Records from a data source:
□ □ □ □ □
(* Let $(G,c,\gamma)$ be an M2VPI system and run Algorithm 3 (described in the context) on it. If Algorithm 3 returns labels $y\in(\mathbb{R}\cup\{\infty\})^V$, then $y=y^{\max}$ provided the system is feasible. If Algorithm 3 returns INFEASIBLE, then the system is infeasible.
   Context: An M2VPI system: directed multigraph $G=(V,E)$, $n=|V|$, arc costs $c\in\mathbb{R}^E$, gains $\gamma\in\mathbb{R}^E_{>0}$; arc $e=(v,w)$ encodes $y_v-\gamma_ey_w\le c_e$. If feasible, $y^{\max}\in(\mathbb{R}\cup\{\infty\})^V$ is its pointwise maximal solution, with $y^{\max}_u=\infty$ iff $y_u$ is unbounded from above over the feasible set. Notation: for a walk $P$ with arcs $e_1,\dots,e_k$, $c(P):=\sum_i(\prod_{j<i}\gamma_{e_j})c_{e_i}$, $\gamma(P):=\prod_i\gamma_{e_i}$; a cycle at $u$ is a $u$-$u$ walk with distinct intermediate nodes, flow-absorbing if $\gamma(C)<1$; arc $(v,w)$ is violated w.r.t. labels $y$ if $y_v>c_{vw}+\gamma_{vw}y_w$. Grapevine$(H,y,s)$: for rounds $i=1,\dots,n$, every node $v$ simultaneously sets $y_v:=\min(y_v,\min_{vw\in\delta^+(v)}c_{vw}+\gamma_{vw}y_w)$, recording a minimizing arc $\mathrm{pred}(v,i)$ if $y_v$ decreased (ties broken arbitrarily); returns the new labels and the walk from $s$ traced by following recorded arcs in reverse chronological order from $\mathrm{pred}(s,n)$ (reading $\mathrm{pred}(v,i-1)$ if $\mathrm{pred}(v,i)$ is empty). $H_u$: split $u$ into $u$ (keeping outgoing arcs) and a new sink $u'$ receiving all arcs of $H$ entering $u$ (same costs and gains). Algorithm 3: $y\equiv\infty$, $G^{(0)}=(V,\emptyset)$; for each $u\in V$ in turn (phase $k$): $G^{(k)}:=G^{(k-1)}\cup\delta^+(u)$; $y_u:=\min_{uv\in\delta^+(u)}c_{uv}+\gamma_{uv}y_v$; if $y_u=\infty$ and there is a flow-absorbing cycle $C$ at $u$ in $G^{(k)}$, $y_u:=c(C)/(1-\gamma(C))$. If $y_u<\infty$: set $\bar y_{u'}:=y_u$, $\bar y_v:=y_v$ ($v\in V$), run Grapevine$(G^{(k)}_u,\bar y,u)$ getting $(\bar y,P)$; return INFEASIBLE if an arc of $G^{(k)}_u$ is violated w.r.t. $\bar y$ or $P$ has at least one arc and $\gamma(P)\ge1$. Otherwise run the look-ahead Newton–Dinkelbach method with initial point $\bar y_{u'}$ and supergradient $\gamma(P)-1$ on $f(\delta):=\inf\{c^\top x+\delta\sum_{e\in\delta^-(u)}\gamma_ex_e-\delta: x\in\mathbb{R}^{E(G^{(k)})}_{\ge0},\ x(\delta^+(u))=1,\ \sum_{e\in\delta^+(v)}x_e-\sum_{e\in\delta^-(v)}\gamma_ex_e=0\ \forall v\ne u\}$; its oracle at $\delta$ sets $\bar y_{u'}:=\delta$ and runs Grapevine$(G^{(k)}_u,\bar y,u)$ (updating $\bar y$): $f(\delta)=-\infty$ if an arc remains violated, otherwise $f(\delta)=\bar y_u-\delta$ with supergradient $\gamma(P)-1$ if the returned walk $P$ ends at $u'$ and $-1$ otherwise. The method: from $(\delta^{(i)},g^{(i)})$, stop with $\delta^{(i)}$ if $f(\delta^{(i)})=0$; else $\delta:=\delta^{(i)}-f(\delta^{(i)})/g^{(i)}$ with supergradient $g$, NO ROOT if $f(\delta)=-\infty$ or ($f(\delta)<0$, $g\ge0$); try $\delta':=2\delta-\delta^{(i)}$ and use it if $-\infty<f(\delta')<0$ with negative supergradient; continue from the chosen point. If NO ROOT, return INFEASIBLE; else $y:=\bar y|_V$. After all phases return $y$. *)

From HB Require Import structures.
From mathcomp Require Import all_boot all_order all_algebra.
From mathcomp Require Import constructive_ereal.
(* The class of coherent sober spaces is projective: if $(p_{ij}\colon X_j\to X_i)_{i\sqsubseteq j\in I}$ is a projective system of topological spaces in which every $X_i$ is coherent and sober, then every projective limit of this system in the category of topological spaces is coherent and sober.
   Context: A projective system of topological spaces consists of a directed preordered set $(I,\sqsubseteq)$, spaces $X_i$ and continuous maps $p_{ij}\colon X_j\to X_i$ for $i\sqsubseteq j$ with $p_{ii}=\mathrm{id}$ and $p_{ij}\circ p_{jk}=p_{ik}$; its projective limit is its limit in the category of topological spaces (canonically, the subspace of $\prod_i X_i$ of tuples $\vec x$ with $p_{ij}(x_j)=x_i$ for all $i\sqsubseteq j$). A subset is saturated if it equals the intersection of its open neighbourhoods (equivalently, it is upward closed in the specialization preorder $x\le y$ iff every open neighbourhood of $x$ contains $y$). Compactness assumes no separation axiom. A space is coherent if the intersection of any two compact saturated subsets is compact. A space is sober if it is $T_0$ and every irreducible closed subset (non-empty closed set not contained in the union of two closed sets unless contained in one of them) is the closure of a single point. *)

From HB Require Import structures.
From mathcomp Require Import all_boot all_order.
From mathcomp Require Import boolp classical_sets topology.
Set Implicit Arguments. Unset Strict Implicit. Unset Printing Implicit Defensive.
Local Open Scope classical_set_scope.

Definition saturated (T : topologicalType) (A : set T) : Prop :=
  A = \bigcap_(U in [set U : set T | open U /\ A `<=` U]) U.

Definition coherent (T : topologicalType) : Prop :=
  forall A B : set T, compact A -> saturated A -> compact B -> saturated B ->
    compact (A `&` B).

Definition irreducible_closed (T : topologicalType) (F : set T) : Prop :=
  [/\ closed F, F !=set0 &
    forall F1 F2 : set T, closed F1 -> closed F2 -> F `<=` F1 `|` F2 ->
      F `<=` F1 \/ F `<=` F2].

Definition sober (T : topologicalType) : Prop :=
  @kolmogorov_space T /\
  forall F : set T, irreducible_closed F -> exists x : T, F = closure [set x].

Definition directed_preorder (I : Type) (le : I -> I -> Prop) : Prop :=
  [/\ (forall i, le i i),
      (forall i j k, le i j -> le j k -> le i k),
      inhabited I &
      (forall i j, exists k, le i k /\ le j k)].

Definition projective_system (I : Type) (le : I -> I -> Prop)
  (X : I -> topologicalType) (p : forall i j, le i j -> X j -> X i) : Prop :=
  [/\ (forall i j (h : le i j), continuous (p i j h)),
      (forall i (h : le i i) (x : X i), p i i h x = x) &
      (forall i j k (hij : le i j) (hjk : le j k) (hik : le i k) (x : X k),
          p i j hij (p j k hjk x) = p i k hik x)].

Definition is_cone (I : Type) (le : I -> I -> Prop)
  (X : I -> topologicalType) (p : forall i j, le i j -> X j -> X i)
  (L : topologicalType) (q : forall i, L -> X i) : Prop :=
  (forall i, continuous (q i)) /\
  (forall i j (h : le i j) (x : L), p i j h (q j x) = q i x).

Definition is_projective_limit (I : Type) (le : I -> I -> Prop)
  (X : I -> topologicalType) (p : forall i j, le i j -> X j -> X i)
  (L : topologicalType) (q : forall i, L -> X i) : Prop :=
  is_cone p q /\
  forall (Z : topologicalType) (r : forall i, Z -> X i), is_cone p r ->
    exists f : Z -> L, [/\ continuous f, (forall i z, q i (f z) = r i z) &
      forall g : Z -> L, continuous g -> (forall i z, q i (g z) = r i z) ->
        forall z, g z = f z].

From HB Require Import structures.
From mathcomp Require Import all_boot all_order.
From mathcomp Require Import boolp classical_sets topology.

(* Sobriety: an irreducible closed set F of the limit projects to the
   irreducible closed sets closure (q_i F); their generic points form a
   thread, i.e. a point of the limit, and it is a generic point of F.

   Coherence: a compact saturated K of the limit is the intersection of the
   preimages of the saturations of its projections, so A `&` B is the
   intersection of the q_i^-1 Q_i, where
   Q_i := saturation (q_i A) `&` saturation (q_i B)
   is compact saturated by coherence of X_i.  Such an intersection is compact:
   given a proper filter G containing it, Zorn's lemma gives a minimal family
   of closed sets C_i, below the closures of the projections of G, meeting
   Q_i and stable under the bonding maps.  Minimality forces each C_i to be
   irreducible with C_i = closure (p_ij C_j), so their generic points form a
   thread; the corresponding point of the limit is a cluster point of G, and
   lies over every Q_i since the Q_i are saturated. *)

Local Open Scope classical_set_scope.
□ □ □ □ □
In the records above, the line with "A = \bigcap_(U" marks the start and the line with "is_cone p q /\" marks the end; copy that stretch exactly, both lines included, and nothing else.

Result of the exercise:
  A = \bigcap_(U in [set U : set T | open U /\ A `<=` U]) U.

Definition coherent (T : topologicalType) : Prop :=
  forall A B : set T, compact A -> saturated A -> compact B -> saturated B ->
    compact (A `&` B).

Definition irreducible_closed (T : topologicalType) (F : set T) : Prop :=
  [/\ closed F, F !=set0 &
    forall F1 F2 : set T, closed F1 -> closed F2 -> F `<=` F1 `|` F2 ->
      F `<=` F1 \/ F `<=` F2].

Definition sober (T : topologicalType) : Prop :=
  @kolmogorov_space T /\
  forall F : set T, irreducible_closed F -> exists x : T, F = closure [set x].

Definition directed_preorder (I : Type) (le : I -> I -> Prop) : Prop :=
  [/\ (forall i, le i i),
      (forall i j k, le i j -> le j k -> le i k),
      inhabited I &
      (forall i j, exists k, le i k /\ le j k)].

Definition projective_system (I : Type) (le : I -> I -> Prop)
  (X : I -> topologicalType) (p : forall i j, le i j -> X j -> X i) : Prop :=
  [/\ (forall i j (h : le i j), continuous (p i j h)),
      (forall i (h : le i i) (x : X i), p i i h x = x) &
      (forall i j k (hij : le i j) (hjk : le j k) (hik : le i k) (x : X k),
          p i j hij (p j k hjk x) = p i k hik x)].

Definition is_cone (I : Type) (le : I -> I -> Prop)
  (X : I -> topologicalType) (p : forall i j, le i j -> X j -> X i)
  (L : topologicalType) (q : forall i, L -> X i) : Prop :=
  (forall i, continuous (q i)) /\
  (forall i j (h : le i j) (x : L), p i j h (q j x) = q i x).

Definition is_projective_limit (I : Type) (le : I -> I -> Prop)
  (X : I -> topologicalType) (p : forall i j, le i j -> X j -> X i)
  (L : topologicalType) (q : forall i, L -> X i) : Prop :=
  is_cone p q /\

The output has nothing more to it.